Doç. Dr. Adem Palabıyık, yeni ekonomik modelin uygulanabilirliğine dair değerlendirmede bulundu. Yeni ekonomi modelinin iktisat biliminin belirli kalıplarına sıkıştırılmaması gerektiğini dile getiren Palabıyık, “İktisadi modeller bilimin belirli kalıplarına sıkıştırılmamalı ve herkesin yararı gözetilerek icra edilmelidir. Küresel ekonomiler içindeki çoğulculuk karşısında tekil bir yol izlemek kısıtlı üretkenlikleri hak ettiklerinden fazlasıyla ödüllendirmektedir. Bu tür ekonomik veya iktisadi modeller “asalak” bir nitelik göstererek, uluslararası ekonomik sorunların yaşanmasına da sebep olur. Ekonomik modellerin dayandığı bazı geleneksel değerler yetersiz oldukları göründüğünden ötürü değil, bilimin tekil varsayımlarıyla küresel çoğul ekonomik modellerin varsayımlarının uzlaşamaması sebebiyle bırakılmaktadır. Bu sebepten yeni ekonomi modelinin, dogmatizme ve her koşulda bilimde ilerlemeyi sağlayan “tek bir yöntemin varlığının kabulüne” karşı mücadele biçimi içerdiğini söylemek yerinde olacaktır. Böylece yeni ekonomik modelin evrensel ve çoğulcu ilke ya da kuramlara dayanması gerektiği düşüncesi güçlenecek ve çoğulculuğa dayanmayan, böylece de küresel ekonomileri dışlayan tekilci geleneksel model tartışmaya açılabilecektir. Böylece zaman içinde bu model Keynes sonrası önemli ekonomik modellemelerden biri haline gelecektir” dedi.

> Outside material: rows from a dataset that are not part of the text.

(* Let $n\ge2$ be an integer and $\xi\in\mathbb{R}$. For every algebraic number $\alpha$ of degree $n$ with conjugates $\alpha_1,\dots,\alpha_n$, one has \[ \max_{1\le i\le n} |\xi-\alpha_i| \ge \tfrac12 H(\alpha)^{-2/n}. \]
   Context: The height $H(\alpha)$ of an algebraic number $\alpha\in\mathbb{C}$ is the largest absolute value of the coefficients of its irreducible (minimal) polynomial in $\mathbb{Z}[T]$. The conjugates of $\alpha$ are the roots of this polynomial. *)

From HB Require Import structures.
From mathcomp Require Import all_boot all_order all_algebra.
Set Implicit Arguments. Unset Strict Implicit. Unset Printing Implicit Defensive.
Import Order.TTheory GRing.Theory Num.Theory.
Local Open Scope ring_scope.

(* p : {poly int} is the minimal polynomial of alpha in Z[T]:
   irreducible in Z[T] (= primitive and irreducible over Q) and alpha is a root. *)
Definition minpolyZ (C : numClosedFieldType) (p : {poly int}) (alpha : C) : Prop :=
  [/\ `|zcontents p| = 1,
      irreducible_poly (map_poly (intr : int -> rat) p)
    & root (map_poly (intr : int -> C) p) alpha].

Definition heightZ (p : {poly int}) : int :=
  \big[Num.max/0]_(i < size p) `|p`_i|.

(* Let p = a T^n + ... be the minimal polynomial of alpha and
   beta_1, ..., beta_n its complex roots, which are simple since p is
   irreducible over Q.  The resultant Res(p', p) is divisible by a, and
   Poisson's formula expresses it through the roots, so that the
   discriminant Res(p', p) / a is a nonzero integer with absolute value
       |a|^(2n-2) * prod_(i <> j) |beta_i - beta_j|  >= 1.
   If every beta_i were closer than H^(-2/n) / 2 to xi, each of the
   n(n-1) distances would be < H^(-2/n), and as |a| <= H the left-hand
   side would be < H^(2n-2) * H^(-2(n-1)) = 1, a contradiction. *)

From HB Require Import structures.
From mathcomp Require Import all_boot all_order all_algebra.
From mathcomp Require Import zify.
Set Implicit Arguments. Unset Strict Implicit. Unset Printing Implicit Defensive.
Import Order.TTheory GRing.Theory Num.Theory.
Local Open Scope ring_scope.

(* A band of shifted coefficients of s evaluated against the powers of x:
   this is the row-times-column computation behind the Sylvester matrix. *)
Lemma horner_shift_sum (F : fieldType) (N k : nat) (s : {poly F}) (x : F) :
  (size s + k <= N)%N ->
  \sum_(j < N) (s`_(j - k) *+ (k <= j)) * x ^+ j = x ^+ k * s.[x].
Proof.
move=> size_s; rewrite -hornerXn -hornerM mulrC.
rewrite (@horner_coef_wide _ N); last first.
  have [->|s0] := eqVneq s 0; first by rewrite mul0r size_poly0.
  by rewrite size_mulXn // addnC.
apply: eq_bigr => j _; rewrite coefMXn; congr (_ * _).
by case: ltnP => _; rewrite ?mulr0n ?mulr1n.
Qed.

Section SylvesterVandermonde.

Variables (F : fieldType) (n m : nat) (P Q : {poly F}) (beta : 'I_n -> F).

(* The (n + m)-square Sylvester matrix of (Q, P): n rows of shifted
   coefficients of Q followed by m rows of shifted coefficients of P. *)
Definition sylvester_band : 'M[F]_(n + m) := \matrix_(i, j)
  match split i with
  | inl k => Q`_(j - k) *+ (k <= j)
  | inr k => P`_(j - k) *+ (k <= j)
  end.

Definition vandermonde_ext : 'M[F]_(n + m) := \matrix_(j, c)
  match split c with
  | inl i => beta i ^+ j
  | inr t => ((j : nat) == n + t)%:R
  end.

Local Notation V := (Vandermonde n (\row_i beta i)).

Lemma det_vandermonde_ext : \det vandermonde_ext = \det V.
Proof.
rewrite -[vandermonde_ext]submxK.
have -> : ursubmx vandermonde_ext = 0.
  apply/matrixP => j t; rewrite !mxE (unsplitK (inr _ t)).
  by rewrite /= ltn_eqF // (leq_trans (ltn_ord j) (leq_addr _ _)).
have -> : drsubmx vandermonde_ext = 1%:M.
  by apply/matrixP => j t; rewrite !mxE (unsplitK (inr _ t)) /= eqn_add2l.
rewrite det_lblock det1 mulr1; congr (\det _).
by apply/matrixP => j i; rewrite !mxE (unsplitK (inl _ i)).
Qed.

Hypothesis sizeP : size P = n.+1.

Lemma sylvester_ext_dr (k t : 'I_m) :
  drsubmx (sylvester_band *m vandermonde_ext) k t = P`_(n + t - k) *+ (k <= n + t).
Proof.
rewrite !mxE (bigD1 (rshift n t)) //= big1 => [|j /negPf ne_j].
  by rewrite !mxE !(unsplitK (inr _ _)) /= eqxx mulr1 addr0.
rewrite !mxE (unsplitK (inr _ t)); case: eqP => [e_j|]; last by rewrite mulr0.
by move: ne_j; rewrite -val_eqE /= e_j eqxx.
Qed.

Dolar artışının sanal bir bağlam içerdiğini ve yapay olduğunu ifade eden Doç. Dr. Palabıyık, “Birkaç gün önce BİST’te gerçekleşen yüzde 8’lik düşüşü de hiçbir ekonomik modelleme bilimsel bir metodla açıklanamaz. Veya birkaç hafta öncesinde dolarda meydana gelen artış ile alakalı da bilimsel bir izahat mevcut değildir. Elbette dünyanın her yerinde Döviz Kur’undaki yükselişlerin ekonomi veya iktisadi biliminde kabul edilebilir bir izahatı olabilirdi lakin ülkemizdeki Kur yükselişi, çeşitlenmiş bir dünyada tek bir ekonomik model ile analiz edilemezdir. İşte tam bu sebepten iktidar beliren hiper-gerçekliklere göre birden makas değiştirdi ve çeşitlenmiş ekonomik modellerin olduğu küresel ekonomiye anarşist bir adımdan ziyade, gelenek ve liberal yöntemle güçlü bir adım attı. Böylece dünyayı kendi iktisadi değerlerinin bakış açısıyla gören bir katılımcı gözüyle takip etmeye başlama şansı bulmuştur” diye konuştu.

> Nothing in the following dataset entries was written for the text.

(* Hence a chamber is exactly the set of points on the side of x0 of every
   wall: this convex, hence connected, subset of the complement contains the
   chamber, so it equals it by maximality. *)
Lemma chamber_same_side (n : nat) (C : pt n -> Prop) (x0 : pt n) :
  is_chamber C -> C x0 -> forall x, C x <-> same_side x0 x.
Proof.
move=> chC Cx0 x; split; first exact: chamber_sub_same_side.
have [_ [_ [_ maxC]]] := chC.
apply: maxC => [z|z|]; first exact: chamber_sub_same_side.
- exact: same_side_complement.
- exact/convex_connected/same_side_convex.
Qed.

(* The sign of a real, taken to be -1 at 0. *)
Definition sgn (v : R) : R := if Rlt_dec 0 v then 1 else -1.

Lemma sgn_pm (v : R) : sgn v = 1 \/ sgn v = -1.
Proof. by rewrite /sgn; case: Rlt_dec; [left | right]. Qed.

Lemma Rabs_sgn_mul (v w : R) : Rabs (sgn v * w) = Rabs w.
Proof. by rewrite Rabs_mult; case: (sgn_pm v) => ->; split_Rabs; lra. Qed.

Lemma sign_side_iff (a u : R) : a <> 0 -> 0 < u * a <-> 0 < sgn a * u.
Proof. by rewrite /sgn => a_nz; case: Rlt_dec => ha /=; split=> h; nra. Qed.

Lemma pos_mul_iff (w p : R) : 0 < p -> 0 < w * p <-> 0 < w.
Proof. by move=> hp; split=> h; nra. Qed.

Lemma dominance_sides (a b u v : R) : Rabs a < Rabs b ->
  (0 < (v - u) * (b - a) /\ 0 < (v + u) * (b + a)) <-> Rabs u < sgn b * v.
Proof.
rewrite /sgn !Rabs_lt_iff; case: Rlt_dec => hb /= hab.
- rewrite Rabs_right in hab; last lra.
  by rewrite !pos_mul_iff; [intuition lra | lra | lra].
- rewrite Rabs_left1 in hab; last lra.
  rewrite -(Rmult_opp_opp (v - u)) -(Rmult_opp_opp (v + u)) !pos_mul_iff;
    by [intuition lra | lra | lra].
Qed.

Definition Rltb (u v : R) : bool := if Rlt_dec u v then true else false.

Lemma RltbP (u v : R) : reflect (u < v) (Rltb u v).
Proof. by rewrite /Rltb; case: Rlt_dec => h; constructor. Qed.

Definition abs_rank (n : nat) (x0 : pt n) (i : 'I_n.+1) : nat :=
  #|[pred j | Rltb (Rabs (x0 j)) (Rabs (x0 i))]|.

(* The rank is an index: x0_i itself is not counted. *)
Lemma abs_rank_lt (n : nat) (x0 : pt n) (i : 'I_n.+1) : (abs_rank x0 i < n.+1)%nat.
Proof.
rewrite -[n.+1]card_ord /abs_rank; apply/proper_card/properP.
split; first exact: subset_predT.
by exists i => //; rewrite inE; apply/negP => /RltbP; lra.
Qed.

Lemma abs_rank_mono (n : nat) (x0 : pt n) (p q : 'I_n.+1) :
  Rabs (x0 p) < Rabs (x0 q) -> (abs_rank x0 p < abs_rank x0 q)%nat.
Proof.
move=> lt_pq; apply/proper_card/properP; split.
- by apply/subsetP => j; rewrite !inE => /RltbP lt_jp; apply/RltbP; lra.
- by exists p; rewrite !inE; [apply/RltbP | apply/negP => /RltbP; lra].
Qed.

(* Off the arrangement the |x0_i| are pairwise distinct, so ranking them
   gives a permutation rk (with inverse pi) along which they increase. *)
Lemma abs_sorting (n : nat) (x0 : pt n) : arr_complement x0 ->
  exists rk pi : 'I_n.+1 -> 'I_n.+1, [/\ cancel rk pi, cancel pi rk &
    forall p q, (rk p < rk q)%nat -> Rabs (x0 p) < Rabs (x0 q)].
Proof.
move=> x0c.
have abs_neq : forall p q, p != q -> Rabs (x0 p) <> Rabs (x0 q).
{ by move=> p q /(complement_neq x0c) [h1 h2]; split_Rabs; lra. }
pose rk i := Ordinal (abs_rank_lt x0 i).
have rk_abs : forall p q, (rk p < rk q)%nat -> Rabs (x0 p) < Rabs (x0 q).
{ move=> p q lt_pq; case: (Rtotal_order (Rabs (x0 p)) (Rabs (x0 q))) => [//|[eq_pq|gt_pq]].
  - case: (eqVneq p q) => [eq | neq]; last by have := abs_neq p q neq.
    by rewrite eq ltnn in lt_pq.
  - by have := ltn_trans lt_pq (abs_rank_mono gt_pq); rewrite ltnn. }
have rk_inj : injective rk.
{ move=> p q /(congr1 val) /= eq_pq; case: (eqVneq p q) => // /abs_neq neq.
  case: (Rtotal_order (Rabs (x0 p)) (Rabs (x0 q))) => [lt_pq|[//|gt_pq]].
  - by have := abs_rank_mono lt_pq; rewrite eq_pq ltnn.
  - by have := abs_rank_mono gt_pq; rewrite eq_pq ltnn. }
by exists rk, (invF rk_inj); split; [exact: invF_f | exact: f_invF |].
Qed.

Definition dominated (pos0 : bool) (n : nat) (y : nat -> R) : Prop :=
  (forall k l, (k < l)%nat -> (l <= n)%nat -> Rabs (y k) < y l) /\
  (pos0 -> 0 < y O).

Section RankedCoordinates.

Variables (n : nat) (x0 : pt n) (rk pi : 'I_n.+1 -> 'I_n.+1).
Hypotheses (rkK : cancel rk pi) (piK : cancel pi rk).
Hypothesis rk_abs : forall p q, (rk p < rk q)%nat -> Rabs (x0 p) < Rabs (x0 q).

(* The walls x_i = +-x_j only need to be tested on pairs ordered by rank,
   and on such a pair they amount to a domination inequality. *)
Lemma same_side_ranked (x : pt n) : x0 ord0 <> 0 ->
  same_side x0 x <->
  0 < sgn (x0 ord0) * x ord0 /\
  forall p q, (rk p < rk q)%nat -> Rabs (x p) < sgn (x0 q) * x q.
Proof.
move=> x0_nz; have side0_iff := sign_side_iff (x ord0) x0_nz.
split=> -[side0 side]; split; try exact/side0_iff.
- move=> p q lt_pq; have neq : q != p by apply/eqP => E; rewrite E ltnn in lt_pq.
  exact/(dominance_sides _ _ (rk_abs lt_pq))/side.
- move=> i j neq; case: (ltngtP (rk i) (rk j)) => [lt_ij | lt_ji | eq_ij].
  + by have [] := (dominance_sides _ _ (rk_abs lt_ij)).2 (side _ _ lt_ij); split; lra.
  + exact/(dominance_sides _ _ (rk_abs lt_ji))/side.
  + by case/eqP: neq; rewrite -(rkK i) (val_inj eq_ij) rkK.
Qed.

Definition ranked_coords (x : pt n) (m : nat) : R :=
  sgn (x0 (pi (inord m))) * x (pi (inord m)).

Lemma ranked_coords_rk (x : pt n) (p : 'I_n.+1) :
  ranked_coords x (rk p) = sgn (x0 p) * x p.
Proof. by rewrite /ranked_coords inord_val rkK. Qed.

(* In ranked coordinates the ranked inequalities describe a dominated
   sequence; y_0 > 0 is required separately only when x_1 has rank 0. *)
Lemma ranked_dominated (x : pt n) :
  (0 < sgn (x0 ord0) * x ord0 /\
   forall p q, (rk p < rk q)%nat -> Rabs (x p) < sgn (x0 q) * x q) <->
  dominated (rk ord0 == ord0) n (ranked_coords x).
Proof.
have at_rank0 : rk ord0 = ord0 -> ranked_coords x O = sgn (x0 ord0) * x ord0.
{ by move=> rk0; rewrite -ranked_coords_rk rk0. }
split=> [[pos0 ranked] | [dom pos0]].
- split=> [k l lt_kl le_ln | /eqP /at_rank0 ->] //.
  have le_kn : (k <= n)%nat := ltnW (leq_trans lt_kl le_ln).
  have := ranked (pi (inord k)) (pi (inord l)); rewrite !piK !inordK // => /(_ lt_kl).
  by rewrite /ranked_coords Rabs_sgn_mul.
- split=> [|p q lt_pq].
  + case: (eqVneq (rk ord0) ord0) => [rk0 | rk0].
      by rewrite -at_rank0 //; apply: pos0; rewrite rk0.
    have := dom O (rk ord0) _ (leq_ord _); rewrite lt0n ranked_coords_rk => /(_ rk0).
    by have := Rabs_pos (ranked_coords x O); lra.
  + have := dom (rk p) (rk q) lt_pq (leq_ord _).
    by rewrite !ranked_coords_rk Rabs_sgn_mul.
Qed.

End RankedCoordinates.

Lemma partial_sum_pos (c : nat -> R) :
  (forall j, 0 < c j) -> forall m, 0 < sum_f_R0 c m.
Proof. by move=> c_pos; elim=> [|m IH] /=; [exact: c_pos | have := c_pos m.+1; lra]. Qed.

Lemma partial_sum_lt (c : nat -> R) :
  (forall j, 0 < c j) -> forall k l, (k < l)%nat -> sum_f_R0 c k < sum_f_R0 c l.
Proof.
move=> c_pos k; elim=> [|l IH] // lt_kl /=; have := c_pos l.+1.
by move: lt_kl; rewrite ltnS leq_eqVlt => /orP [/eqP -> | /IH]; lra.
Qed.

Definition comb (n : nat) (W : nat -> nat -> R) (c y : nat -> R) : Prop :=
  forall m, (m <= n)%nat -> y m = sum_f_R0 (fun j => c j * W j m) n.

(* Generators of the cone  0 < y_0 < y_1 < ... < y_n : the j-th one has
   entries 0 before position j and 1 from position j on, so that
   y_m = c_0 + ... + c_m. *)
Definition step_gen (j m : nat) : R := if (j <= m)%nat then 1 else 0.

(* Generators of the cone  |y_0| < y_1 < ... < y_n : as [step_gen], except
   that y_0 = c_0 - c_1. *)
Definition twisted_gen (j m : nat) : R :=
  if m is O then match j with O => 1 | 1 => -1 | _ => 0 end else step_gen j m.

Lemma sum_step_gen_short (c : nat -> R) (m N : nat) : (N <= m)%nat ->
  sum_f_R0 (fun j => c j * step_gen j m) N = sum_f_R0 c N.
Proof.
elim: N => [|N IH] le_Nm /=; first by rewrite /step_gen leq0n; ring.
by rewrite IH ?(ltnW le_Nm) // /step_gen le_Nm; ring.
Qed.

Lemma sum_step_gen (c : nat -> R) (m N : nat) : (m <= N)%nat ->
  sum_f_R0 (fun j => c j * step_gen j m) N = sum_f_R0 c m.
Proof.
elim: N => [|N IH]; first by rewrite leqn0 => /eqP ->; rewrite sum_step_gen_short.
rewrite leq_eqVlt => /orP [/eqP -> | lt_mN]; first by rewrite sum_step_gen_short.
by rewrite /= IH // /step_gen leqNgt lt_mN /=; ring.
Qed.

Lemma sum_twisted_gen0 (c : nat -> R) (N : nat) : (1 <= N)%nat ->
  sum_f_R0 (fun j => c j * twisted_gen j 0) N = c O - c 1%nat.
Proof.
elim: N => [|[|N] IH] // _; first by rewrite /=; ring.
by rewrite /= in IH *; rewrite IH //; ring.
Qed.

(* The vectors [step_gen] are linearly independent: all partial sums of the
   coefficients vanish. *)
Lemma step_gen_indep (n : nat) (c : nat -> R) :
  comb n step_gen c (fun _ => 0) -> forall j, (j <= n)%nat -> c j = 0.
Proof.
move=> zero; have sums0 m : (m <= n)%nat -> sum_f_R0 c m = 0.
{ by move=> le_mn; rewrite -(sum_step_gen c le_mn) -zero. }
case=> [|j] le_jn; first exact: (sums0 O).
by have := sums0 _ le_jn; have := sums0 _ (ltnW le_jn); rewrite /=; lra.
Qed.

Lemma twisted_gen_indep (n : nat) (c : nat -> R) : (1 <= n)%nat ->
  comb n twisted_gen c (fun _ => 0) -> forall j, (j <= n)%nat -> c j = 0.
Proof.
move=> n_pos zero; have sums0 m : (1 <= m <= n)%nat -> sum_f_R0 c m = 0.
{ by case: m => [|m] // /andP [_ le_mn]; rewrite -(sum_step_gen c le_mn) (zero m.+1). }
have diff0 : c O - c 1%nat = 0 by rewrite -(sum_twisted_gen0 c n_pos) -zero.
have sum1 := sums0 1%nat n_pos; rewrite /= in sum1.
case=> [|[|j]] le_jn; try lra.
have := sums0 j.+2 le_jn; have := sums0 j.+1 (ltnW le_jn); rewrite /=; lra.
Qed.

Definition step_coef (y : nat -> R) (j : nat) : R :=
  if j is j'.+1 then y j'.+1 - y j' else y O.

Definition twisted_coef (y : nat -> R) (j : nat) : R :=
  match j with
  | O => (y 1%nat + y O) / 2
  | 1 => (y 1%nat - y O) / 2
  | j'.+1 => y j'.+1 - y j'
  end.

Lemma sum_step_coef (y : nat -> R) (m : nat) : sum_f_R0 (step_coef y) m = y m.
Proof. by elim: m => [|m IH] //=; rewrite IH; ring. Qed.

Lemma sum_twisted_coef (y : nat -> R) (m : nat) :
  (1 <= m)%nat -> sum_f_R0 (twisted_coef y) m = y m.
Proof.
elim: m => [|[|m] IH] // _; first by rewrite /=; field.
by rewrite /= in IH *; rewrite IH //; ring.
Qed.

Lemma dominated_pos_decomp (n : nat) (y : nat -> R) : dominated true n y ->
  exists c, (forall j, (j <= n)%nat -> 0 < c j) /\ comb n step_gen c y.
Proof.
move=> [dom pos0]; exists (step_coef y); split=> [[|j] le_jn | m le_mn] /=.
- exact: pos0.
- by have := dom j j.+1 (ltnSn j) le_jn; rewrite Rabs_lt_iff; lra.
- by rewrite sum_step_gen // sum_step_coef.
Qed.

Lemma dominated_pos_of_comb (n : nat) (c y : nat -> R) :
  (forall j, 0 < c j) -> comb n step_gen c y -> dominated true n y.
Proof.
move=> c_pos yc; have y_sum m : (m <= n)%nat -> y m = sum_f_R0 c m.
{ by move=> le_mn; rewrite yc // sum_step_gen. }
split=> [k l lt_kl le_ln | _]; last by rewrite y_sum //; exact: c_pos.
rewrite !y_sum ?(ltnW (leq_trans lt_kl le_ln)) // Rabs_right.
- exact: partial_sum_lt.
- exact/Rle_ge/Rlt_le/partial_sum_pos.
Qed.

Lemma dominated_decomp (n : nat) (y : nat -> R) : (1 <= n)%nat -> dominated false n y ->
  exists c, (forall j, (j <= n)%nat -> 0 < c j) /\ comb n twisted_gen c y.
Proof.
move=> n_pos [dom _]; have := dom O 1%nat isT n_pos; rewrite Rabs_lt_iff => dom01.
exists (twisted_coef y); split=> [[|[|j]] le_jn | [|m] le_mn] /=; try lra.
- by have := dom j.+1 j.+2 (ltnSn _) le_jn; rewrite Rabs_lt_iff; lra.
- by rewrite sum_twisted_gen0 //=; field.
- by rewrite sum_step_gen // sum_twisted_coef.
Qed.

Lemma dominated_of_comb (n : nat) (c y : nat -> R) :
  (forall j, 0 < c j) -> comb n twisted_gen c y -> dominated false n y.
Proof.
move=> c_pos yc; have y_sum m : (1 <= m <= n)%nat -> y m = sum_f_R0 c m.
{ by case: m => [|m] // /andP [_ le_mn]; rewrite yc // sum_step_gen. }
split=> // -[|k] l lt_kl le_ln.
- have y0 : y O = c O - c 1%nat by rewrite yc // sum_twisted_gen0 // (leq_trans lt_kl le_ln).
  have : c O + c 1%nat <= sum_f_R0 c l.
  { move: lt_kl; rewrite leq_eqVlt => /orP [/eqP <- | lt_1l]; first by rewrite /=; lra.
    exact/Rlt_le/(partial_sum_lt c_pos lt_1l). }
  by rewrite y0 y_sum ?lt_kl // Rabs_lt_iff; have := c_pos O; have := c_pos 1%nat; lra.
- have le_kn := ltnW (leq_trans lt_kl le_ln).
  have l_pos : (0 < l)%nat := ltn_trans (ltn0Sn k) lt_kl.
  rewrite !y_sum ?le_kn ?le_ln ?l_pos // Rabs_right.
  + exact: partial_sum_lt.
  + exact/Rle_ge/Rlt_le/partial_sum_pos.
Qed.

Lemma Rplus_assoc_law : associative Rplus.
Proof. by move=> a b c; rewrite Rplus_assoc. Qed.

HB.instance Definition _ :=
  Monoid.isComLaw.Build R 0 Rplus Rplus_assoc_law Rplus_comm Rplus_0_l.

Lemma rsum_nat (n : nat) (F : nat -> R) : rsum (fun k : 'I_n.+1 => F k) = sum_f_R0 F n.
Proof.
rewrite /rsum; elim: n => [|n IH]; rewrite big_ord_recr /=; last by rewrite IH.
by rewrite big_ord0 Rplus_0_l.
Qed.

Lemma rsum_scal (n : nat) (a : R) (c f : 'I_n.+1 -> R) :
  rsum (fun k => c k * (a * f k)) = a * rsum (fun k => c k * f k).
Proof. by rewrite /rsum; elim/big_rec2: _ => [|k s1 s2 _ ->]; ring. Qed.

“Yeni ekonomik modelimiz 21. yüzyılın en etkili modellemelerinden biri olacaktır”
Türkiye’nin yeni ekonomik modelinin dünyadaki önemli ekonomik modellemelerden biri olacağını ifade eden Doç. Dr. Palabıyık, “Ülkemizin ekonomi modelin klasik iktisadi teorilere karşı çıkışı bilime değil, diğer ekonomik ve çoğulculuğu görmezden gelmeyen ekonomik modellerin bilimsel olmadıkları gerekçesiyle toptan mahkûm edilmelerinedir. Batının ekonomi modelinin yeryüzündeki etkisi; sahip olduğu sağlam ilkelerden, mantıktan yahut yöntemden değil, hizmet ettiği uygarlığın egemenliğinden kaynaklanmaktadır ve bu yüzden bilime içkin bir rasyonellikten bahsedilemez. Ekonomik modeller, bazı radikal tutumlarından dolayı sert bir biçimde eleştirilebilir fakat hem bilimsel olma etkinliği hem de toplumun bilimle ve yeni ekonomik modelle ilişkisini özgürleştirici bir zeminde yeniden inşa edeceği yaklaşım tarzıyla farklı kesimlerden de taraftar bulabilecekti. Bu doğrultuda yeni ekonomik modelimiz inşaAllah, yirmibirinci yüzyılın en etkili modellemelerinden biri olarak, bilim camiasının mottolarından biri haline gelecektir” şeklinde konuştu.